Hoy nos escandalizamos con las sentencias del llamado Caso Bateragune, con las penas para Arnaldo Otegi, Rafa Díez, Miren Zabaleta, Sonia Jacinto y Arkaitz Rodríguez. Pero durante casi 35 años, la Audiencia Nacional, como antes su predecesor el TOP, ha dictado sentencias extraordinarias, increíbles y politizadas hasta el infinito. Para eso surgió y bien que ha cumplido su cometido.

En los últimos años, numerosos colectivos de víctimas y de derechos humanos han solicitado la anulación de todos los procesos especiales y ordinarios contra los presos del franquismo. La negativa del PSOE y del PP, incluso en casos tan flagrantes como el que llevó al patíbulo a Julián Grimau en 1963, ha sido rotunda. Poner en tela de juicio al TOP y a los tribunales militares era poner en cuestión la existencia, hoy, de la propia Audiencia Nacional.

Ha llegado la hora de pedir también la anulación de los juicios de la Audiencia Nacional, al igual que se solicita los de sus predecesores. Un tribunal especial, por esencia, está diseñado para castigar y, por tanto, rompe con el primer precepto de la justicia: imparcialidad. La Audiencia Nacional jamás ha sido imparcial. Ha formado parte de ese entramado ideológico, coercitivo, vengativo y punitivo.

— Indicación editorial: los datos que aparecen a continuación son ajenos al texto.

(* polynomial growth:  sum_{l(a) in (n-1,n]} d(a)^2 <= c n^s  for all n >= 1;
   the (possibly infinite) sum is bounded by bounding all its finite
   partial sums. *)
Definition polynomial_growth (l : I -> R) : Prop :=
  exists c s : R, 0 < c /\ 0 < s /\
    forall (n : nat) (A : seq I), (1 <= n)%N -> uniq A ->
      all (in_shell l n) A ->
      \sum_(a <- A) ((fr_d F a)%:R ^+ 2 : R) <= c * powR (n%:R) s.

Definition cnorm2 (z : R[i]) : R := complex.Re z ^+ 2 + complex.Im z ^+ 2.

(* For f = sum_{a in sf} f(a) a and g = sum_{b in sg} g(b) b in F(G),
   the coefficient of gamma in the fusion product f g. *)
Definition fusion_mul_coef (sf sg : seq I) (f g : I -> R[i]) (c : I) : R[i] :=
  \sum_(a <- sf) \sum_(b <- sg) (f a * g b) *+ fr_N F c a b.

(* squared l^2(Irred(G)) norm of a finitely supported element:
   <alpha, alpha> = d(alpha)^2, Irred(G) orthogonal. *)
Definition l2norm2 (s : seq I) (f : I -> R[i]) : R :=
  \sum_(a <- s) cnorm2 (f a) * (fr_d F a)%:R ^+ 2.

Definition rd_norm2 (l : I -> R) (s : R) (sf : seq I) (f : I -> R[i]) : R :=
  \sum_(a <- sf) cnorm2 (f a) * (fr_d F a)%:R ^+ 2 * powR (1 + l a) (2 * s).

End FusionDefs.

From HB Require Import structures.
From mathcomp Require Import all_boot all_order all_algebra.
From mathcomp Require Import all_classical all_reals all_analysis.
From mathcomp Require Import complex.
From mathcomp Require Import ring lra.
Import Order.TTheory GRing.Theory Num.Theory.
Local Open Scope ring_scope.

(* Expand (f g)(x) = sum_{a,b} N^x_{ab} f(a) g(b) and apply Cauchy-Schwarz
   with the weights w(a,b) = d(a) (1 + l(a))^(2s) d(b). Since d(x) <= d(a) d(b)
   whenever N^x_{ab} <> 0 and, by Frobenius reciprocity,
   sum_b N^x_{ab} d(b) <= d(a) d(x), the dual sum sum_{a,b} N^x_{ab} / w(a,b)
   is at most K / d(x), where K = sum_a d(a)^2 / (1 + l(a))^(2s). Summing over
   x with sum_x N^x_{ab} d(x) <= d(a) d(b) yields
   ||f g||^2 <= K ||f||_rd^2 ||g||^2. Grouping Irred(G) into the shells
   n - 1 < l <= n, polynomial growth gives K <= c sum_n n^s0 / n^(s0+2) <= 2c
   once 2s = s0 + 2. *)

Lemma weighted_cauchy_schwarz (R : realFieldType) (T : Type) (s : seq T)
    (c w t : T -> R) :
  (forall i, 0 <= c i) -> (forall i, 0 < w i) ->
  (\sum_(i <- s) c i * t i) ^+ 2 <=
  (\sum_(i <- s) c i * w i * t i ^+ 2) * (\sum_(i <- s) c i / w i).
Proof.
move=> c_ge0 w_gt0; rewrite expr2 !mulr_suml.
under eq_bigr do rewrite mulr_sumr.
under [X in _ <= X]eq_bigr do rewrite mulr_sumr.
set A := (X in _ <= X).
suff: 2 * (\sum_(i <- s) \sum_(j <- s) c i * t i * (c j * t j)) <= A + A by lra.
have {2}-> : A = \sum_(i <- s) \sum_(j <- s) c j * w j * t j ^+ 2 * (c i / w i).
  by rewrite /A exchange_big.
rewrite /A -big_split /= mulr_sumr.
apply: ler_sum => i _; rewrite -big_split /= mulr_sumr.
apply: ler_sum => j _; rewrite -subr_ge0.
have wi := w_gt0 i; have wj := w_gt0 j.
have -> : c i * w i * t i ^+ 2 * (c j / w j) + c j * w j * t j ^+ 2 * (c i / w i)
    - 2 * (c i * t i * (c j * t j)) =
    c i * c j * (w i * t i - w j * t j) ^+ 2 / (w i * w j).
  by field; rewrite !gt_eqF.
apply: divr_ge0; last exact: ltW (mulr_gt0 wi wj).
by rewrite mulr_ge0 ?sqr_ge0 ?mulr_ge0.
Qed.
Lemma sin_multiple_small (N th : R) : 3 <= N -> 0 < th -> N * th < 3 ->
  sin (N * th)^2 * (1 + (N * th)^2/9) <= (N * sin th)^2.
Proof.
  intros HN Hth Hu; set (u := N * th) in *.
  assert (Hu0 : 0 < u) by (unfold u; nra).
  assert (Hth1 : th <= 1) by (unfold u in Hu; nra).
  pose proof (sin_le_quintic u ltac:(lra)) as Hsu.
  pose proof (sin_ge_0 u ltac:(lra) ltac:(pose proof PI_ge_3; lra)).
  (* N sin th >= u - u^3/54, using sin th >= th - th^3/6 and N^2 >= 9 *)
  assert (HNs : u - u^3/54 <= N * sin th).
  { pose proof (sin_ge_cubic th ltac:(lra)).
    assert (0 <= th^3) by (apply pow_le; lra).
    assert (0 <= N * th^3 * (N^2 - 9)) by (apply Rmult_le_pos; nra).
    unfold u; nra. }
  pose proof (quintic_factor_bound (u^2) ltac:(split; nra)) as Hq.
  assert (Hquin : (u - u^3/6 + u^5/120)^2 * (1 + u^2/9) <= (u - u^3/54)^2).
  { replace ((u - u^3/6 + u^5/120)^2 * (1 + u^2/9))
      with (u^2 * ((1 - u^2/6 + (u^2)^2/120)^2 * (1 + u^2/9))) by field.
    replace ((u - u^3/54)^2) with (u^2 * (1 - u^2/54)^2) by field.
    apply Rmult_le_compat_l; nra. }
  assert (sin u^2 <= (u - u^3/6 + u^5/120)^2) by nra.
  assert (0 <= u - u^3/54) by nra.
  assert (sin u^2 * (1 + u^2/9) <= (u - u^3/6 + u^5/120)^2 * (1 + u^2/9))
    by (apply Rmult_le_compat_r; nra).
  nra.
Qed.
Theorem lemma3p2 (T : finType) (V U : {set T}) (u v c lam : nat) (eps : int)
  (F F' : seq {set T}) :
  #|V| = v -> #|U| = u ->
  v = u %[mod 6] -> (u %% 6 = 2 \/ u %% 6 = 5) ->
  c < 'C(u, 3) ->
  C1 u c -> assoc_pair u c lam eps ->
  size F = c ->
  NWBTS U F ->
  simple_GDD lam V U F' ->
  NWBTS V (F ++ F') /\
  ((3 * size (F ++ F'))%:Z = (lam * 'C(v, 2))%:Z + eps)%R.
Proof.
move=> hV hU vu6 _ hc hC1 hap hsize [[hU3 hFb] [[_ [l [e [hap0 [hrng hiso]]]]] hbal]] gdd.
have u3 : 3 <= u by rewrite -hU.
rewrite hU hsize in hap0; have [el ee] := assoc_pair_uniq u3 hap0 hap; subst l e.
have [UV [_ [F'b _]]] := gdd; have uv : u <= v by rewrite -hU -hV subset_leq_card.
have F_in_U b : b \in F -> b \subset U by case/hFb.
have heq : ((3 * size (F ++ F'))%:Z = (lam * 'C(v, 2))%:Z + eps)%R.
  have := gdd_count gdd; case: hap; rewrite size_cat hU hV hsize.
  move: (lam * _) (lam * _) => X Y; lia.
have [hC1v hapv] := C1_extend u3 uv vu6 hC1 hap heq.
have agree := union_pair_inside gdd F; have outside := union_pair_outside gdd F_in_U.
split=> //; split; [split | split].
- by rewrite (leq_trans hU3) ?subset_leq_card.
- move=> b; rewrite mem_cat => /orP [/hFb [bU b3] | /F'b [? []]] //.
  by rewrite (subset_trans bU UV).
- split; first by rewrite hV.
  exists lam, eps; split; first by rewrite hV.
  by split; [apply: pair_range_extend hrng | apply: defect_iso_G_extend hiso].
- have [S0 S0U S00] : exists2 S0, S0 \in ksubsets U 3 & lamS F S0 = 0.
    by apply: uncovered_ksubset hFb _; rewrite binn mul1n hsize hU.
  apply/le1_balanced/(union_triples_le1 gdd F_in_U).
  exact: balanced_le1 hbal S0U S00.
Qed.
(* Let $C\in\mathbb{R}^{n\times n}$ be symmetric, $\rho>0$, and let $(\tilde\sigma^k,\sigma^k,y^k)$ be generated by the ADMM-BM algorithm described in the context, with Assumption A holding. Then for every iteration $k$, $$L_\rho(\tilde\sigma^k,\sigma^k,y^k)-L_\rho(\tilde\sigma^{k+1},\sigma^{k+1},y^{k+1})\ \ge\ \Big(\frac{\rho\min_{i\in[n]}\|\gamma_i^k\|}{2}-\frac{\|C\|^2}{\rho}\Big)\|\tilde\sigma^{k+1}-\tilde\sigma^k\|_F^2+\frac\rho2\|\sigma^{k+1}-\sigma^k\|_F^2.$$
   Context: $\langle A,B\rangle=\mathrm{Tr}(A^\top B)$, $\|\cdot\|_F$ Frobenius norm, $\|C\|$ spectral norm. For $\sigma\in\mathbb{R}^{n\times r}$, $\sigma_i$ is its $i$-th row; $\mathcal{M}=\{\sigma\in\mathbb{R}^{n\times r}:\|\sigma_i\|=1\ \forall i\}$. ADMM-BM with parameter $\rho$: choose $\tilde\sigma^0\in\mathcal{M}$, $\sigma^0=\tilde\sigma^0$, $y^0=C\tilde\sigma^0$. For $k=0,1,\dots$: $\gamma^k=\sigma^k-\frac1\rho(y^k+C\sigma^k)$ with rows $\gamma_i^k$; $\tilde\sigma^{k+1}_i=\gamma_i^k/\|\gamma_i^k\|$; $\sigma^{k+1}=\tilde\sigma^{k+1}+\frac1\rho(y^k-C\tilde\sigma^{k+1})$; $y^{k+1}=y^k+\rho(\tilde\sigma^{k+1}-\sigma^{k+1})$. Assumption A: $\gamma_i^k\neq0$ for all $i,k$. $L_\rho(\tilde\sigma,\sigma,y)=\langle C,\tilde\sigma\sigma^\top\rangle+\langle y,\tilde\sigma-\sigma\rangle+\frac\rho2\|\tilde\sigma-\sigma\|_F^2+\sum_i\mathcal{I}_{\{\|u\|=1\}}(\tilde\sigma_i)$, $\mathcal{I}_S$ the indicator function of $S$. *)

From HB Require Import structures.
From mathcomp Require Import all_boot all_order all_algebra.
From mathcomp Require Import boolp classical_sets reals constructive_ereal.
Set Implicit Arguments. Unset Strict Implicit. Unset Printing Implicit Defensive.
Import Order.TTheory GRing.Theory Num.Theory.
Local Open Scope ring_scope.
Local Open Scope classical_set_scope.

Section ADMMBM.
Variable R : realType.

Definition frob_inner (m p : nat) (A B : 'M[R]_(m, p)) : R := \tr (A^T *m B).
Definition frob_norm2 (m p : nat) (A : 'M[R]_(m, p)) : R := frob_inner A A.

Definition rownorm (m p : nat) (A : 'M[R]_(m, p)) (i : 'I_m) : R :=
  Num.sqrt (\sum_(j < p) A i j ^+ 2).

Definition vnorm (m : nat) (x : 'cV[R]_m) : R :=
  Num.sqrt (\sum_(i < m) x i ord0 ^+ 2).

Definition spec_norm (m : nat) (C : 'M[R]_m) : R :=
  sup [set vnorm (C *m x) | x in [set x : 'cV[R]_m | vnorm x <= 1]].

Definition min_rownorm (m p : nat) (A : 'M[R]_(m, p)) : R :=
  inf [set rownorm A i | i in [set: 'I_m]].

Definition inM (m p : nat) (s : 'M[R]_(m, p)) : Prop :=
  forall i, rownorm s i = 1.

Definition rownormalize (m p : nat) (g : 'M[R]_(m, p)) : 'M[R]_(m, p) :=
  \matrix_(i, j) (g i j / rownorm g i).

Variables (n r : nat) (C : 'M[R]_n) (rho : R).

Definition gammaOf (s y : 'M[R]_(n, r)) : 'M[R]_(n, r) :=
  s - rho^-1 *: (y + C *m s).

Definition admm_step (st : 'M[R]_(n, r) * 'M[R]_(n, r) * 'M[R]_(n, r)) :=
  let: (_, s, y) := st in
  let t' := rownormalize (gammaOf s y) in
  let s' := t' + rho^-1 *: (y - C *m t') in
  let y' := y + rho *: (t' - s') in
  (t', s', y').

Fixpoint admm_iter (t0 : 'M[R]_(n, r)) (k : nat) :=
  match k with
  | 0 => (t0, t0, C *m t0)
  | k'.+1 => admm_step (admm_iter t0 k')
  end.

Definition tsig t0 k := (admm_iter t0 k).1.1.
Definition sig t0 k := (admm_iter t0 k).1.2.
Definition yv t0 k := (admm_iter t0 k).2.
Definition gam t0 k := gammaOf (sig t0 k) (yv t0 k).

Definition Lrho (t s y : 'M[R]_(n, r)) : \bar R :=
  ((frob_inner C (t *m s^T) + frob_inner y (t - s)
    + rho / 2 * frob_norm2 (t - s))%:E
   + (if `[< inM t >] then 0%E else +oo%E))%E.

End ADMMBM.

From HB Require Import structures.
From mathcomp Require Import all_boot all_order all_algebra.
From mathcomp Require Import boolp classical_sets reals constructive_ereal.
From mathcomp Require Import ring lra.
Import Order.TTheory GRing.Theory Num.Theory.
Local Open Scope ring_scope.
Set Implicit Arguments. Unset Strict Implicit. Unset Printing Implicit Defensive.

Lamartine escribió que la utopía no son, a menudo, sino verdades prematuras. No hay razón para esconder las palabras. No hay motivo para pensar que si tensamos demasiado la cuerda, ésta se puede fracturar. Es la hora, es el momento. Como en febrero de 1936, como en el verano de 1977, pidamos la utopía. Porque esta más cerca que nunca. Pidamos la amnistía para nuestros presos.